Одну она крыла особенно. С презрением показала ее нам.
— Заморыш, лесбиянка да в придачу еще и туберкулезная.
Мерседес поднялась и пошла переодеваться. Был ее выход. За миг до появления на эстраде, покуда ведущий пышно представлял ее публике, я снова увидел Мерседес. Мне словно передалось ее волнение, то острое беспокойство, которое овладевает артистом перед выходом. Я очень хорошо это почувствовал. Казалось, что нас соединил холодный ток, который, подобно невидимому лезвию, пронзил синеватую дымку зала. Она встретила мой взгляд и с нежным смущением, будто за что-то извиняясь, улыбнулась мне. И тут же, шагнув в магический световой круг, преобразилась, сразу потерявшись для меня. Рот ее раскрылся в заученной профессиональной улыбке. Луч света жадно приник к разводу ее крепких литых грудей, высветил темно-золотое платье, смело подчеркивающее формы.
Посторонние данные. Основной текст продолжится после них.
Lemma large_mono_cover_step (R : realType) r l n (c : R) :
  (2 <= r)%N -> 0 < c -> (0 < l)%N ->
  (forall (H : {set edge l n}) (phi : 'I_l -> {set 'I_n} -> 'I_r),
     l%:R * c * n%:R ^+ l <= #|H|%:R -> large_mono_cover c H phi) ->
  forall (H : {set edge l.+1 n}) (phi : 'I_l.+1 -> {set 'I_n} -> 'I_r),
    l.+1%:R * c * n%:R ^+ l.+1 <= #|H|%:R -> large_mono_cover c H phi.
Proof.
move=> r2 c0 l0 IH H phi dense; set L := ln (n%:R : R); have e0 := eps_gt0 r2 c0.
have [x0|x_gt0] := lerP (eps r c ^+ l.+1 * L) 0; first exact: large_mono_cover0 (ltnW r2) x0.
have L0 : 0 < L by rewrite -(pmulr_rgt0 _ (exprn_gt0 l.+1 e0)).
have n0 : (0 < n)%N by apply: ltnW; rewrite -(ln_natr_gt0 R).
have c_half : c <= 1 / 2.
  have : 2 * c <= l.+1%:R * c by rewrite ler_pM2r // ler_nat ltnS.
  by have := density_le1 n0 dense; lra.
have e1 : eps r c <= 1 by have := eps_le_half r c; lra.
pose heavy := [set f | c * n%:R <= #|link H f|%:R].
have linked f : f \in heavy -> link H f != set0.
  by rewrite inE -card_gt0 -(ltr0n R); apply: lt_le_trans; rewrite mulr_gt0 ?ltr0n.
have [m' [S' [le_m' _ monoS' [crossS' [M' [M'heavy cardM' M'S' M'disj]]]]]] :=
  IH heavy (fun j => phi (lift ord_max j)) (card_heavy_inits (ltW c0) n0 dense).
set t := Num.truncn (eps r c ^+ l.+1 * L).
have t_le : t%:R <= eps r c ^+ l.+1 * L by rewrite truncn_le ltW.
have m'0 : (0 < m')%N by rewrite -(ltr0n R) (lt_le_trans _ le_m') // mulr_gt0 ?exprn_gt0.
have te : t%:R <= eps r c * m'%:R.
  by apply: le_trans t_le _; rewrite exprS -mulrA ler_pM2l.
have [t_m' tc] := step_size_le c_half m'0 te.
have largeM' f : f \in M' -> c * #|'I_n|%:R <= #|link H f|%:R.
  by move/(subsetP M'heavy); rewrite inE card_ord.
rewrite -cardM' in t_m' tc.
have [K [KM' cardK]] := common_part_large (ltW c0) largeM' t_m' tc.
rewrite card_ord => commonK.
have thr : (r ^ (r * t) <= #|\bigcap_(f in K) link H f|)%N.
  apply: (ramsey_threshold_le _ commonK); first by rewrite mulr_gt0 ?exprn_gt0 ?divr_gt0 ?ltr0n.
  move=> t0; apply: step_threshold_le => //; apply: le_trans t_le _.
  by rewrite ler_pM2r //; apply: ler_wiXn2l => //; apply: ltW.
have [col [S [S_common cardS monoS]]] := ramsey (phi ord_max) r2 (ltn0Sn t) thr.
have [S_ [cardS_ monoS_ covS_]] := extend_cover linked crossS' monoS' M'S' M'disj KM' cardK
  S_common cardS (ex_intro _ col monoS).
by exists t.+1, S_; split; rewrite // ltW // truncnS_gt.
Qed.

Theorem lemma3p1 (R : realType) (r l n : nat) (c : R)
    (H : {set edge l n}) (phi : 'I_l -> {set 'I_n} -> 'I_r) :
  (2 <= r)%N -> (1 <= l)%N -> 0 < c ->
  l%:R * c * n%:R ^+ l <= #|H|%:R ->
  exists (m : nat) (S : 'I_l -> {set 'I_n}),
    [/\ (Num.min (c / 2) (1 / (2 * r%:R * ln (r%:R : R)))) ^+ l * ln (n%:R : R) <= m%:R,
        (forall i, #|S i| = m),
        (forall i, monochromatic phi i (S i))
      & covers H S m].
Proof.
move=> r2 + c0; elim: l H phi => [|[|l] IH] H phi //= _ dense.
  exact: large_mono_cover_base.
exact: large_mono_cover_step r2 c0 _ (fun H' phi' => IH H' phi' isT) H phi dense.
Qed.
Она стояла ко мне в полупрофиль, и я видел, как еле заметным движением она отбивала ритм каблуком, и это легчайшее движение сопровождалось, точно эхо, таким же легким подрагиванием ноги и бедра. Меня тронули ее чувственность и в то же время целомудрие, призванное приглушить эту чувственность, но вместо того лишь подчеркивавшее ее; целомудрие, конечно, заученное, как любое сценическое ухищрение.
После закрытия кабачка мы с Идальго поджидали Мерседес на улице. Тут же стояли и некоторые другие посетители. Она вышла и с улыбкой направилась к нам. Подхватив нас под руки, потащила к группе музыкантов и актеров. Всем представила и, задержавшись возле какого-то субъекта, притянула его за лацканы и крепко чмокнула в щеку. Первым моим поползновением было отретироваться в сторону, но она, смеясь, удержала меня.
— Я с радостью позволила бы тебе себя проводить, — сказала она, — но я уже обещала… А у этого кулаки увесистые, боюсь, что он разозлится.
Субъект, которого она поцеловала, был чуть повыше меня, коренастый и полный, с этаким болезненным высокомерием во внешности, свойственным некоторым испанцам. Лицо неподвижное, подбородок квадратный и массивный, взгляд, как мне показалось, колючий. На нем была кожаная куртка и брюки из дриля. На голове белая шапочка портовых грузчиков.
— Познакомьтесь, — сказала Мерседес, слегка подтолкнув мужчину, — мой отец.
Я подумал, что она шутит.
— Отец?
— Почему же нет? — спросил мужчина. — Уж не слишком ли молодым я вам кажусь? Видишь, детка, звала бы ты меня лучше дядей или братом… К вашим услугам, — продолжал он, меняя тон, — покойной ночи, ребята, завтра рано на работу. Пошли, дочка. Приходите в гости. Ты дала им адрес?
— Не только дала, но даже посоветовала этому, — тут кивком головы она показала на меня, — перебраться в наш пансион. Жокею нет, он устроен прилично. Но этот… знаешь, где он живет?.. В одном из тех постоялых дворов, что ютятся на улице Кирни.
— Скверно, скверно. Беги оттуда, парень. Компания там для тебя неподходящая. Перебирайся в пансион, внакладе не будешь. До свидания, — сказал он, пожимая мне руку своей жесткой костлявой лапищей.
— Завтра увидимся, — бросила на прощание Мерседес, — приходи в гости. Старик будет на работе, а одной мне скучно. Слышишь? Так часа в три-четыре, после обеда.
— Приду, конечно, приду. До завтра.
Я коротко распрощался с Идальго. Видя мою решительность, он удалился. Сначала он двинулся по Стоктону, а потом свернул на Пасифик и исчез из виду. Я медленно побрел по Бродвею — одинокий, траченный унылыми буднями и нищетой, висевшими на мне, словно платье. Кто я? Искатель приключений? Быть может. Но приключений серых, неизменно связанных с бездушным сумраком кухонь и ресторанов, со взором, устремленным на причалы; человек, который убаюкивает тоску, влекущую в далекую покинутую землю — ту же нищету и унылые будни, — который свыкается с ней, обманывает ее в надежде на лучшую судьбу. А судьба упорно отказывалась меня признать, причислив к горемычной массе лишенных надежд.